演武场边的喝彩声渐渐低了下去,观战的府兵们看着场中三人的狼狈模样,皆是早习以为常了。
毕竟,这个场面,数月来已经出现了许多次.....
叶逐溪收了长枪,眉峰微微蹙起,右手持枪拄在地上,枪杆抵着黄土,发出一声沉闷的轻响。

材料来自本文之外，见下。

(* Let $\underline{Q}$ be a lower transition rate operator. Then for any $t>0$, any $x\in\mathcal{X}$ and any $A\subseteq\mathcal{X}$: \begin{equation*} \underline{T}_t\mathbb{I}_{A}(x)>0 ~~\Leftrightarrow~~ A\text{ is lower reachable from }x. \end{equation*}
   Context: $\mathcal{X}$ is a finite state space and $\mathcal{L}(\mathcal{X})$ is the set of real-valued functions on $\mathcal{X}$; $\mathbb{I}_S$ denotes the indicator of $S\subseteq\mathcal{X}$ (and $\mathbb{I}_x\coloneqq\mathbb{I}_{\{x\}}$), and $\mathbb{N}_0\coloneqq\mathbb{N}\cup\{0\}$. A lower transition rate operator is a map $\underline{Q}\colon\mathcal{L}(\mathcal{X})\to\mathcal{L}(\mathcal{X})$ such that for all $f,g\in\mathcal{L}(\mathcal{X})$, $\lambda\geq0$, $\mu\in\mathbb{R}$ and $x,y\in\mathcal{X}$: $\underline{Q}(\mu)=0$; $\underline{Q}(f+g)\geq\underline{Q}(f)+\underline{Q}(g)$; $\underline{Q}(\lambda f)=\lambda\underline{Q}(f)$; and $x\neq y\Rightarrow\underline{Q}(\mathbb{I}_y)(x)\geq0$. For each $t\geq0$, $\underline{T}_t$ is defined for every $f$ by the (uniquely solvable) differential equation $\frac{d}{dt}\underline{T}_tf=\underline{Q}\,\underline{T}_tf$ for all $t\geq0$ with $\underline{T}_0f=f$. Lower reachability: $A$ is lower reachable from $x$ if $x\in A_n$, where $A_0\coloneqq A$, $A_{k+1}\coloneqq A_k\cup\{y\in\mathcal{X}\setminus A_k\colon\underline{Q}(\mathbb{I}_{A_k})(y)>0\}$ for $k\in\mathbb{N}_0$, and $n$ is the first index with $A_n=A_{n+1}$. *)

From HB Require Import structures.
From mathcomp Require Import all_boot all_order all_algebra.
From mathcomp Require Import all_classical all_reals topology normedtype.
Set Implicit Arguments. Unset Strict Implicit. Unset Printing Implicit Defensive.
Import Order.TTheory GRing.Theory Num.Theory.
Import numFieldNormedType.Exports.
Local Open Scope ring_scope.
Local Open Scope classical_set_scope.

她望着三人那副筋疲力尽的模样,清亮的声音带着几分未尽兴的遗憾,朗声道:“男人不能说不行!再战!”
说罢,又扬声鼓励:“你们的合击之术颇有章法,只是力道稍逊,再坚持片刻,未必不能寻到我的破绽!”
三个府兵闻言,皆是面面相觑,看着对面端坐马背、玄甲染尘却依旧熠熠生辉的叶逐溪,脸上满是苦笑。
先前的缠斗,已是耗尽了他们浑身的力气,此刻只觉手臂酸痛得连马槊都握不住,哪里还有再战的勇气?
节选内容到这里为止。